Department of Veterans Affairs Management Accountability Act of 2014
- Long title: To amend title 38, United States Code, to provide for the removal of Senior Executive Service employees of the Department of Veterans Affairs for performance, and for other purposes.
- Announced in: the 113th United States Congress
- Sponsored by: Rep. Jeff Miller (R, FL-1)
- Number of co-sponsors: 9

Codification
- U.S.C. sections affected: 38 U.S.C. § 713, 38 U.S.C. ch. 7
- Agencies affected: United States Department of Veterans Affairs

Legislative history
- Introduced in the House as H.R. 4031 by Rep. Jeff Miller (R, FL-1) on February 11, 2014; Committee consideration by United States House Committee on Veterans' Affairs, United States House Committee on Oversight and Government Reform; Passed the House on May 21, 2014 (Rollc Call Vote 229: 390-33);

= Department of Veterans Affairs Management Accountability Act of 2014 =

The Department of Veterans Affairs Management Accountability Act of 2014 is a bill that would give the United States Secretary of Veterans Affairs the authority to remove or demote any individual from the Senior Executive Service upon determining that such individual's performance warrants removal or demotion. The bill was written in response to a scandal indicating that some VA hospitals were keeping secret waiting lists for care, the length of which may have led to the deaths of some veterans.

The bill was introduced into the United States House of Representatives during the 113th United States Congress. It passed the House on May 21, 2014.

==Background==

In May 2014, questions involving substandard timely care and false records covering up related timelines came to light, involving treatment of veterans in a number of VA hospitals. Eric Shinseki, then Secretary of Veterans Affairs, resigned on May 30, 2014. Senior Veterans Affairs officials reportedly kept secret waiting lists in order to hide the high number of veterans that were forced to wait for months to receive important medical care. As many as 450 senior officials may have been involved, including VA hospital managers. Some veterans died while they were still awaiting treatment.

A VA department handbook on administrative policies indicates that employees have 30 days to appeal any disciplinary action before it can be taken and have all disciplinary actions or reprimands removed from their records after two years. The department has to meet high standards for doing things like separately proving an employee was absent each and every day if the employee quits showing up to work and proving that there is a direct relationship between the misconduct and their own efficiency.

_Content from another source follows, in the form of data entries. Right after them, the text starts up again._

(* Let $G=(g_1,\dots,g_k)\in\mathbb{N}_0^k$ with $g_1>0$, $\gcd(G)=1$ and $c(G)=(c_2,\dots,c_k)$, and let $z_1=1$. Then $G$ is telescopic if and only if for each $i=2,\dots,k$ there exists $z_i\in\mathbb{N}_0$ such that $g_i=z_iC_{i,k}$, $\gcd(z_i,c_i)=1$, and $z_i\in\langle z_jC_{j,i-1} : 1\le j<i\rangle$.
   Context: $\langle A\rangle$ is the set of $\mathbb{N}_0$-linear combinations of the elements of $A$. $G_i=(g_1,\dots,g_i)$, $d_i=\gcd(G_i)$, $c_j=d_{j-1}/d_j$ for $2\le j\le k$; $G$ is telescopic if $c_jg_j\in\langle G_{j-1}\rangle$ for all $2\le j\le k$. $C_{m,n}=\prod_{j=m+1}^n c_j$, with the empty product (when $n\le m$) equal to $1$. *)

(* G = (g_1,...,g_k) is encoded as g : nat -> nat, using only
   the values g 1, ..., g k (g 0 and g i for i > k are irrelevant). *)
From mathcomp Require Import all_boot.
Set Implicit Arguments. Unset Strict Implicit. Unset Printing Implicit Defensive.

(* d_i = gcd(g_1, ..., g_i)  (d_0 = gcd of empty family = 0) *)
Definition dgcd (g : nat -> nat) (i : nat) : nat :=
  \big[gcdn/0]_(1 <= j < i.+1) g j.

Definition cc (g : nat -> nat) (j : nat) : nat := dgcd g j.-1 %/ dgcd g j.

Definition CC (g : nat -> nat) (m n : nat) : nat :=
  \prod_(m.+1 <= j < n.+1) cc g j.

Definition in_semigroup (h : nat -> nat) (i : nat) (x : nat) : Prop :=
  exists a : nat -> nat, x = \sum_(1 <= j < i) a j * h j.

Definition telescopic (k : nat) (g : nat -> nat) : Prop :=
  forall j, 2 <= j <= k -> in_semigroup g j (cc g j * g j).

From mathcomp Require Import all_boot.

(* Since d_k = 1, the product C_{i,k} telescopes to d_i, so the z_i are forced
   to be g_i / d_i, and then gcd(z_i, c_i) = gcd(g_i, d_{i-1}) / d_i = 1.
   Moreover c_i g_i = z_i d_{i-1} and g_j = z_j C_{j,i-1} d_{i-1} for j < i,
   so dividing the telescopic relation for c_i g_i by d_{i-1} gives exactly
   the membership of z_i, and conversely. *)

Lemma dgcdS g i : dgcd g i.+1 = gcdn (dgcd g i) (g i.+1).
Proof. by rewrite /dgcd big_nat_recr. Qed.

Lemma dgcd1 g : dgcd g 1 = g 1.
Proof. by rewrite dgcdS /dgcd big_geq // gcd0n. Qed.

Lemma dgcd_gt0 g i : 0 < g 1 -> 0 < i -> 0 < dgcd g i.
Proof.
move=> g1_gt0; elim: i => // [[|i]] IHi _; first by rewrite dgcd1.
by rewrite dgcdS gcdn_gt0 IHi.
Qed.

Lemma dgcd_dvdn g i : 0 < i -> dgcd g i %| g i.
Proof. by case: i => // i _; rewrite dgcdS dvdn_gcdr. Qed.

Lemma dgcd_dvd_pred g i : 0 < i -> dgcd g i %| dgcd g i.-1.
Proof. by case: i => // i _; rewrite dgcdS dvdn_gcdl. Qed.

Lemma mul_cc_dgcd g i : 0 < i -> cc g i * dgcd g i = dgcd g i.-1.
Proof. by move=> i_gt0; rewrite /cc divnK // dgcd_dvd_pred. Qed.

Lemma mul_CC_dgcd g m n : 0 < m -> m <= n -> CC g m n * dgcd g n = dgcd g m.
Proof.
move=> m_gt0; elim: n => [|n IHn]; first by rewrite leqn0 => /eqP m0; rewrite m0 in m_gt0.
rewrite leq_eqVlt => /orP[/eqP <-|]; first by rewrite /CC big_geq // mul1n.
rewrite ltnS => le_mn; rewrite /CC big_nat_recr //= -mulnA.
by rewrite (@mul_cc_dgcd g n.+1 (ltn0Sn n)) -IHn.
Qed.

Lemma CC_dgcd_eq1 g j k : 0 < j <= k -> dgcd g k = 1 -> CC g j k = dgcd g j.
Proof.
by case/andP=> j_gt0 le_jk dk1; rewrite -(@mul_CC_dgcd g j k j_gt0 le_jk) dk1 muln1.
Qed.

Lemma coprime_div_dgcd_cc g i : 0 < g 1 -> 1 < i ->
  coprime (g i %/ dgcd g i) (cc g i).
Proof.
move=> g1_gt0 i_gt1; have i_gt0 : 0 < i := ltnW i_gt1.
have di_gt0 := @dgcd_gt0 g i g1_gt0 i_gt0.
rewrite /coprime /cc -(eqn_pmul2r di_gt0) mul1n muln_gcdl.
rewrite !divnK ?dgcd_dvdn ?dgcd_dvd_pred //.
by case: i i_gt0 {i_gt1 di_gt0} => // i _; rewrite dgcdS gcdnC.
Qed.

Lemma eq_in_semigroup h h' i x :
  (forall j, 1 <= j < i -> h j = h' j) ->
  in_semigroup h i x <-> in_semigroup h' i x.
Proof.
move=> eq_hh'.
have eq_sum a : \sum_(1 <= j < i) a j * h j = \sum_(1 <= j < i) a j * h' j.
  by apply: eq_big_nat => j /eq_hh' ->.
by split=> -[a xE]; exists a; rewrite xE eq_sum.
Qed.

Lemma in_semigroup_scale h i x d : 0 < d ->
  in_semigroup (fun j => h j * d) i (x * d) <-> in_semigroup h i x.
Proof.
move=> d_gt0; rewrite /in_semigroup.
suff eq_scale a : (x * d = \sum_(1 <= j < i) a j * (h j * d)) <->
                  (x = \sum_(1 <= j < i) a j * h j).
  by split=> -[a /eq_scale]; exists a.
rewrite (eq_bigr (fun j => a j * h j * d)) => [|j _]; last by rewrite mulnA.
rewrite -big_distrl /=; split=> [/eqP|->] //.
by rewrite eqn_pmul2r // => /eqP.
Qed.

Lemma telescopic_stepE g z i : 0 < g 1 -> 1 < i ->
  (forall j, 0 < j <= i -> z j * dgcd g j = g j) ->
  in_semigroup g i (cc g i * g i) <->
  in_semigroup (fun j => z j * CC g j i.-1) i (z i).
Proof.
move=> g1_gt0 i_gt1 zE; have i_gt0 : 0 < i := ltnW i_gt1.
have ip_gt0 : 0 < i.-1 by rewrite -ltnS prednK.
have dp_gt0 := @dgcd_gt0 g i.-1 g1_gt0 ip_gt0.
have scaled := in_semigroup_scale (fun j => z j * CC g j i.-1) i (z i) _ dp_gt0.
have -> : cc g i * g i = z i * dgcd g i.-1.
  by rewrite -(@mul_cc_dgcd g i i_gt0) mulnCA zE // i_gt0 leqnn.
have gE : in_semigroup g i (z i * dgcd g i.-1) <->
          in_semigroup (fun j => z j * CC g j i.-1 * dgcd g i.-1) i (z i * dgcd g i.-1).
  apply: eq_in_semigroup => j /andP[j_gt0 lt_ji].
  have le_jip : j <= i.-1 by rewrite -ltnS prednK.
  by rewrite -mulnA mul_CC_dgcd // zE // j_gt0 ltnW.
by split=> [/gE/scaled | /scaled/gE].
Qed.

Theorem mainTheorem8 (k : nat) (g : nat -> nat) :
  1 <= k -> 0 < g 1 -> dgcd g k = 1 ->
  telescopic k g <->
  exists z : nat -> nat,
    z 1 = 1 /\
    forall i, 2 <= i <= k ->
      [/\ g i = z i * CC g i k,
          coprime (z i) (cc g i)
        & in_semigroup (fun j => z j * CC g j i.-1) i (z i)].
Proof.
move=> k_gt0 g1_gt0 dk1; split.
  move=> tele; exists (fun j => g j %/ dgcd g j); split=> [|i /andP[i_gt1 le_ik]].
    by rewrite dgcd1 divnn g1_gt0.
  have i_gt0 : 0 < i := ltnW i_gt1.
  split; first by rewrite CC_dgcd_eq1 ?i_gt0 // divnK // dgcd_dvdn.
    exact: coprime_div_dgcd_cc.
  apply/(@telescopic_stepE g _ i g1_gt0 i_gt1); last by apply: tele; rewrite i_gt1.
  by move=> j /andP[j_gt0 _]; rewrite divnK // dgcd_dvdn.
move=> [z [z1 zP]] i /andP[i_gt1 le_ik].
have zE j : 0 < j <= k -> z j * dgcd g j = g j.
  case/andP=> j_gt0 le_jk; case: (ltngtP j 1) => [|j_gt1|->].
  - by rewrite ltnNge j_gt0.
  - by case: (zP j); rewrite ?j_gt1 // => -> _ _; rewrite CC_dgcd_eq1 ?j_gt0.
  - by rewrite z1 dgcd1 mul1n.
have [_ _ zi_in] := zP i (introT andP (conj i_gt1 le_ik)).
apply/(@telescopic_stepE g z i g1_gt0 i_gt1) => // j /andP[j_gt0 le_ji].
by rewrite zE // j_gt0 (leq_trans le_ji).
Qed.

Data provided by the Office of Personnel Management shows that only 7,349 federal employees were fired in 2013 out of a total of almost 2 million.

==Provisions of the bill==
This summary is based largely on the summary provided by the Congressional Research Service, a public domain source.

The Department of Veterans Affairs Management Accountability Act of 2014 would authorize the United States Secretary of Veterans Affairs (VA) to: (1) remove any individual from the Senior Executive Service upon determining that such individual's performance warrants removal, and (2) remove such individual from federal service or transfer the individual to a General Schedule position at any grade that the Secretary deems appropriate.

The bill would require: (1) the Secretary to notify the United States House Committee on Veterans' Affairs and the United States Senate Committee on Veterans' Affairs within 30 days after removing such an individual, and (2) such removal to be done in the same manner as the removal of a professional staff member employed by a Member of Congress.

==Procedural history==
The Department of Veterans Affairs Management Accountability Act of 2014 was introduced into the United States House of Representatives on February 11, 2014, by Rep. Jeff Miller (R, FL-1). The bill was referred to the United States House Committee on Veterans' Affairs, the United States House Veterans' Affairs Subcommittee on Economic Opportunity, and the United States House Committee on Oversight and Government Reform. The House voted in Roll Call Vote 229 on May 21, 2014, to pass the bill 390–33.

==Debate and discussion==
The Department of Veterans' Affairs released a statement opposing the bill, arguing that the bill "would generate serious unintended consequences that would prove counterproductive." One alleged unintended consequence might be "any change that would single out VA employees for punishment or discharge could have a chilling effect on VA's ability to recruit and retain high-quality employees." Their statement also indicated that they feared anyone fired could sue, leading to "lengthy litigation."

The House members who sponsored the bill argue that, although federal workers can be fired, the process is extremely lengthy, sometimes taking years, and that the officials who are "under scrutiny for neglecting veterans actually received tens of thousands of dollars in bonuses and positive performance reviews." Rep. Jeff Miller, who sponsored the bill, said that "this bill would simply give the VA Secretary the authority to fire or demote VA Senior Executive Service employees based on performance, similar to the authority the Secretary of Defense already has to remove military general officers from command or how I am able to fire someone who works for me on my staff."

The organization AMVETS supported the legislation. National Commander John H. Miller Jr. said that "under the current, antiquated and morbidly dysfunctional civil service system, it's nearly impossible to dismiss or do more than slap the wrists of incompetent, ineffective and wasteful Senior Executive Service employees." John Miller argued that the Secretary of Veterans Affairs needed "the ability to remove deadweight executives."